Nitrogenase reduces dinitrogen (N2) by six electrons and six protons at an active-site metallocluster called FeMo cofactor, to yield two ammonia molecules. Insights into the mechanism of substrate reduction by nitrogenase have come from recent successes in trapping and characterizing intermediates generated during the reduction of protons as well as nitrogenous and alkyne substrates by MoFe proteins with amino acid substitutions. Here, we describe an intermediate generated at a high concentration during reduction of the natural nitrogenase substrate, N2, by wild-type MoFe protein, providing evidence that it contains N2 bound to the active-site FeMo cofactor. When MoFe protein was frozen at 77 K during steady-state turnover with N2, the S = 3/2 EPR signal (g = [4.3, 3.64, 2.00]) arising from the resting state of FeMo cofactor was observed to convert to a rhombic, S = 1/2, signal (g = [2.08, 1.99, 1.97]). The intensity of the N2-dependent EPR signal increased with increasing N2 partial pressure, reaching a maximum intensity of approximately 20% of that of the original FeMo cofactor signal at > or = 0.2 atm N2. An almost complete loss of resting FeMo cofactor signal in this sample implies that the remainder of the enzyme has been reduced to an EPR-silent intermediate state. The N2-dependent EPR signal intensity also varied with the ratio of Fe protein to MoFe protein (electron flux through nitrogenase), with the maximum signal intensity observed with a ratio of 2:1 (1:1 Fe protein:FeMo cofactor) or higher. The pH optimum for the signal was 7.1. The N2-dependent EPR signal intensity exhibited a linear dependence on the square root of the EPR microwave power in contrast to the nonlinear response of signal intensity observed for hydrazine-, diazene-, and methyldiazene-trapped states. 15N ENDOR spectroscopic analysis of MoFe protein captured during turnover with 15N2 revealed a 15N nuclear spin coupled to the FeMo cofactor with a hyperfine tensor A = [0.9, 1.4, 0.45] MHz establishing that an N2-derived species was trapped on the FeMo cofactor. The observation of a single type of 15N-coupled nucleus from the field dependence, along with the absence of an associated exchangeable 1H ENDOR signal, is consistent with an N2 molecule bound end-on to the FeMo cofactor.

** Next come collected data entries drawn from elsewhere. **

Lemma equioscillation_bound (P g : {poly R}) a b (A M : R) :
  (size P <= n.+2)%N -> (size g <= n.+2)%N -> root P a -> root g a ->
  a < mu n -> mu 0 < b -> P.[b] != 0 ->
  (forall j, (j <= n)%N -> P.[mu j] = A * (-1) ^+ j) ->
  (forall j, (j <= n)%N -> `|g.[mu j]| <= M) ->
  `|g.[b]| * `|A| <= M * `|P.[b]|.
Proof.
move=> sP sg Pa ga an b0 Pb0 Pmu gM; rewrite leNgt; apply/negP => gb_big.
set k := g.[b] / P.[b].
have M_lt : M < `|k * A|.
  by rewrite normrM normf_div mulrAC ltr_pdivlMr ?normr_gt0.
have g_lt j : (j <= n)%N -> `|g.[mu j]| < `|k * A|.
  by move=> jn; exact: le_lt_trans (gM _ jn) M_lt.
set H := k *: P - g.
have Hmu j : (j <= n)%N -> H.[mu j] = k * A * (-1) ^+ j - g.[mu j].
  by move=> jn; rewrite /H hornerD hornerN hornerZ Pmu // mulrA.
have opposite_signs (e x y : R) : `|x| < `|e| -> `|y| < `|e| ->
    (- e - y) * (e - x) < 0.
  move=> /ltr_normlP[x1 x2] /ltr_normlP[y1 y2].
  case: (lerP 0 e) => e0.
    by rewrite ger0_norm // in x1 x2 y1 y2; nra.
  by rewrite ltr0_norm // in x1 x2 y1 y2; nra.
have H0 : H = 0.
  apply: (@poly_eq0_sign_changes H a b) => // [|||j jn].
  - by rewrite (leq_trans (size_polyD _ _)) // size_polyN geq_max sg
      (leq_trans (size_scale_leq _ _)).
  - by rewrite /root /H hornerD hornerN hornerZ (eqP Pa) (eqP ga) mulr0 subrr.
  - by rewrite /root /H hornerD hornerN hornerZ /k divfK // subrr.
  rewrite !Hmu ?(ltnW jn) // exprS mulN1r mulrN.
  by apply: opposite_signs; rewrite normrM normr_sign mulr1 g_lt // ltnW.
have := Hmu 0%N isT; rewrite H0 horner0 expr0 mulr1 => /eqP.
rewrite eq_sym subr_eq0 => /eqP gmu0.
by have := g_lt 0%N isT; rewrite gmu0 ltxx.
Qed.

End Nodes.
End Equioscillation.

Section ExtremaOnInterval.
Variable R : realType.
Implicit Types (f : {poly R}) (a b x : R).

Lemma poly_norm_bounded_itv f a b :
  exists c, forall x, a <= x <= b -> `|f.[x]| <= c.
Proof.
exists (\sum_(i < size f) `|f`_i| * (`|a| + `|b|) ^+ i) => x /andP[ax xb].
rewrite horner_coef (le_trans (ler_norm_sum _ _ _)) //.
apply: ler_sum => i _; rewrite normrM normrX ler_wpM2l ?lerXn2r ?nnegrE //.
have := ler_norm b; have := ler_norm (- a); rewrite normrN => Na Nb.
by rewrite ler_norml; apply/andP; split; have := normr_ge0 a;
  have := normr_ge0 b; lra.
Qed.

Lemma max_abs_on_ge f a b x : a <= x <= b -> `|f.[x]| <= max_abs_on f a b.
Proof.
move=> axb; apply: ub_le_sup; last by exists x; rewrite ?in_itv.
have [c fc] := poly_norm_bounded_itv f a b.
by exists c => _ [y ayb <-]; apply: fc; move: ayb => /=; rewrite in_itv.
Qed.

Lemma max_abs_on_le f a b M : a <= b ->
  (forall x, a <= x <= b -> `|f.[x]| <= M) -> max_abs_on f a b <= M.
Proof.
move=> ab fM; apply: ge_sup.
  by exists `|f.[a]|, a => //=; rewrite in_itv /= lexx ab.
by move=> _ [y ayb <-]; apply: fM; move: ayb => /=; rewrite in_itv.
Qed.

Lemma min_abs_on_le f a b x : a <= x <= b -> min_abs_on f a b <= `|f.[x]|.
Proof.
move=> axb; apply: ge_inf; last by exists x; rewrite ?in_itv.
by exists 0 => _ [y _ <-].
Qed.

Lemma min_abs_on_ge f a b m : a <= b ->
  (forall x, a <= x <= b -> m <= `|f.[x]|) -> m <= min_abs_on f a b.
Proof.
move=> ab fm; apply: lb_le_inf.
  by exists `|f.[a]|, a => //=; rewrite in_itv /= lexx ab.
by move=> _ [y ayb <-]; apply: fm; move: ayb => /=; rewrite in_itv.
Qed.

End ExtremaOnInterval.

Section Chebyshev.
Variable R : realType.

Fixpoint cheb_pair (n : nat) : {poly R} * {poly R} :=
  if n is m.+1 then ((cheb_pair m).2, 'X * (cheb_pair m).2 *+ 2 - (cheb_pair m).1)
  else (1, 'X).

Definition cheb (n : nat) : {poly R} := (cheb_pair n).1.

Lemma cheb_cos n x : (cheb n).[cos x] = cos (n%:R * x).
Proof.
suff [] : (cheb_pair n).1.[cos x] = cos (n%:R * x) /\
          (cheb_pair n).2.[cos x] = cos (n.+1%:R * x) by [].
elim: n => [|n [IH1 IH2]] /=; first by rewrite hornerC mul0r cos0 hornerX mul1r.
split=> //; rewrite hornerD hornerN hornerMn hornerM hornerX IH1 IH2.
have -> : n.+2%:R * x = n.+1%:R * x + x by rewrite -[in LHS]addn1 natrD mulrDl mul1r.
have -> : n%:R * x = n.+1%:R * x - x by rewrite -addn1 natrD mulrDl mul1r addrK.
rewrite cosB cosD mulr2n; lra.
Qed.

Lemma size_cheb n : (size (cheb n) <= n.+1)%N.
Proof.
suff [] : (size (cheb_pair n).1 <= n.+1)%N /\ (size (cheb_pair n).2 <= n.+2)%N by [].
elim: n => [|n [IH1 IH2]] /=; first by rewrite size_polyC size_polyX oner_neq0.
split=> //; rewrite (leq_trans (size_polyD _ _)) // geq_max size_polyN.
apply/andP; split; last by rewrite (leq_trans IH1) // leqW.
rewrite -scaler_nat (leq_trans (size_scale_leq _ _)) //.
by rewrite (leq_trans (size_polyMleq _ _)) // size_polyX add2n.
Qed.

Lemma cheb_neq0 n : cheb n != 0.
Proof.
apply/eqP => c0; have := cheb_cos n 0.
by rewrite c0 horner0 mulr0 cos0 => /eqP; rewrite eq_sym oner_eq0.
Qed.

Definition cheb_angle (t i : nat) : R := pi * (i%:R + 2^-1) / t%:R.

Lemma cheb_angle_in (t i : nat) : (i < t)%N -> 0 < cheb_angle t i < pi.
Proof.
move=> it; have t0 : 0 < t%:R :> R by rewrite ltr0n (leq_ltn_trans _ it).
have it' : i%:R + 1 <= t%:R :> R by rewrite natr1 ler_nat.
have := @pi_gt0 R; have : 0 <= i%:R :> R by []; move=> i0 p0.
by rewrite divr_gt0 ?mulr_gt0 /= ?ltr_pdivrMr //=; nra.
Qed.

Lemma root_cheb_cos_angle (t i : nat) :
  (i < t)%N -> root (cheb t) (cos (cheb_angle t i)).
Proof.
move=> it; have t0 : t%:R != 0 :> R by rewrite pnatr_eq0 -lt0n (leq_ltn_trans _ it).
rewrite /root cheb_cos /cheb_angle mulrC divfK // mulrDr.
have -> : pi * i%:R + pi * 2^-1 = pi / 2 + pi *+ i :> R by rewrite mulr_natr addrC.
by rewrite (alternatingn (@cosDpi R)) cos_pihalf mulr0.
Qed.

(* The [t] values [cos (cheb_angle t i)] are distinct roots of [cheb t],
   which has degree <= [t]. *)
Lemma prod_cos_sub_cheb_angle (t : nat) : exists k : R, forall phi,
  \prod_(i < t) (cos phi - cos (cheb_angle t i)) = k * cos (t%:R * phi).
Proof.
set rs := [seq cos (cheb_angle t i) | i <- iota 0 t].
have rs_roots : all (root (cheb t)) rs.
  apply/allP => z /mapP[i]; rewrite mem_iota add0n => it ->.
  exact: root_cheb_cos_angle.
have rs_uniq : uniq_roots rs.
  rewrite uniq_rootsE map_inj_in_uniq ?iota_uniq // => i j.
  rewrite !mem_iota !add0n /= => it jt.
  have /andP[i0 ipi] := cheb_angle_in t i it.
  have /andP[j0 jpi] := cheb_angle_in t j jt.
  move/cos_inj; rewrite !in_itv /= !ltW // => /(_ isT isT).
  have t0 : t%:R != 0 :> R by rewrite pnatr_eq0 -lt0n (leq_ltn_trans _ jt).
  rewrite /cheb_angle => /(mulIf (invr_neq0 t0)) /(mulfI (lt0r_neq0 (@pi_gt0 R))).
  by move/addIr/eqP; rewrite eqr_nat => /eqP.
have [q cheb_eq] := uniq_roots_prod_XsubC rs_roots rs_uniq.
set Q := \prod_(z <- rs) ('X - z%:P) in cheb_eq.
have Q_monic : Q \is monic by apply: monic_prod_XsubC.
have size_Q : size Q = t.+1 by rewrite size_prod_XsubC size_map size_iota.
have q0 : q != 0 by apply: contraNneq (cheb_neq0 t) => q0; rewrite cheb_eq q0 mul0r.
have size_q : (size q <= 1)%N.
  have := size_cheb t; rewrite cheb_eq (size_mul q0 (monic_neq0 Q_monic)) size_Q.
  by rewrite addnS /= -add1n leq_add2r.
exists (q`_0)^-1 => phi.
have q00 : q`_0 != 0 by apply: contraNneq q0 => e; rewrite (size1_polyC size_q) e.
rewrite -cheb_cos cheb_eq (size1_polyC size_q) hornerCM coefC /= mulKf //.
rewrite horner_prod big_map -(big_mkord xpredT (fun i => cos phi - cos (cheb_angle t i))).
by rewrite /index_iota subn0; apply: eq_bigr => i _; rewrite hornerXsubC.
Qed.

End Chebyshev.

Arguments cheb {R}.
Arguments cheb_angle {R}.

Section ChebyshevOptimal.
Variables (R : realType) (alpha beta : R) (t : nat).
Hypotheses (alpha_gt0 : 0 < alpha) (alpha_lt_beta : alpha < beta) (beta_lt1 : beta < 1)
  (t_gt0 : (0 < t)%N).

Let c : R := cos (pi / (2 * t%:R)).
Let a : R := alpha / (1 + c).
Let u : R := pi / t%:R.

Let tR_gt0 : 0 < t%:R :> R. Proof. by rewrite ltr0n. Qed.
Let u_gt0 : 0 < u. Proof. by rewrite divr_gt0 ?pi_gt0. Qed.
Let pi_eq : pi = t%:R * u. Proof. by rewrite /u mulrC divfK ?lt0r_neq0. Qed.

Let half_u : pi / (2 * t%:R) = u / 2.
Proof. by rewrite /u invfM mulrCA mulrC. Qed.

Let c_ge0 : 0 <= c.
Proof.
have u_le_pi : u <= pi by rewrite pi_eq ler_peMl ?ler1n // ltW.
by apply: cos_ge0_pihalf; rewrite half_u; have := u_gt0; lra.
Qed.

固氮酶在一个名为铁钼辅因子的活性位点金属簇上,通过六个电子和六个质子将氮气(N₂)还原,生成两个氨分子。对固氮酶底物还原机制的深入了解,源于最近通过对带有氨基酸替代的钼铁蛋白还原质子以及含氮和炔烃底物过程中产生的中间体进行捕获和表征所取得的成功。在此,我们描述了野生型钼铁蛋白在还原天然固氮酶底物N₂过程中高浓度生成的一种中间体,这为其包含与活性位点铁钼辅因子结合的N₂提供了证据。当钼铁蛋白在与N₂进行稳态周转时于77 K冷冻,观察到源于铁钼辅因子静止状态的S = 3/2电子顺磁共振(EPR)信号(g = [4.3, 3.64, 2.00])转变为菱形的S = 1/2信号(g = [2.08, 1.99, 1.97])。依赖于N₂的EPR信号强度随N₂分压增加而增强,在N₂分压≥0.2 atm时达到最大强度,约为原始铁钼辅因子信号强度的20%。该样品中静止的铁钼辅因子信号几乎完全消失,这意味着酶的其余部分已被还原为一种EPR沉默的中间状态。依赖于N₂的EPR信号强度也随铁蛋白与钼铁蛋白的比例(通过固氮酶的电子通量)而变化,在比例为2:1(1:1铁蛋白:铁钼辅因子)或更高时观察到最大信号强度。该信号的最适pH为7.1。与肼、二氮烯和甲基二氮烯捕获状态下观察到的信号强度非线性响应不同,依赖于N₂的EPR信号强度与EPR微波功率的平方根呈线性关系。用¹⁵N₂进行周转过程中捕获到的钼铁蛋白的¹⁵N电子核双共振(ENDOR)光谱分析显示,一个¹⁵N核自旋与铁钼辅因子耦合,超精细张量A = [0.9, 1.4, 0.45] MHz,这表明一种源自N₂的物种被困在铁钼辅因子上。从场依赖性观察到单一类型的¹⁵N耦合核,以及不存在相关的可交换¹H ENDOR信号,这与一个N₂分子以端对端方式结合到铁钼辅因子上是一致的。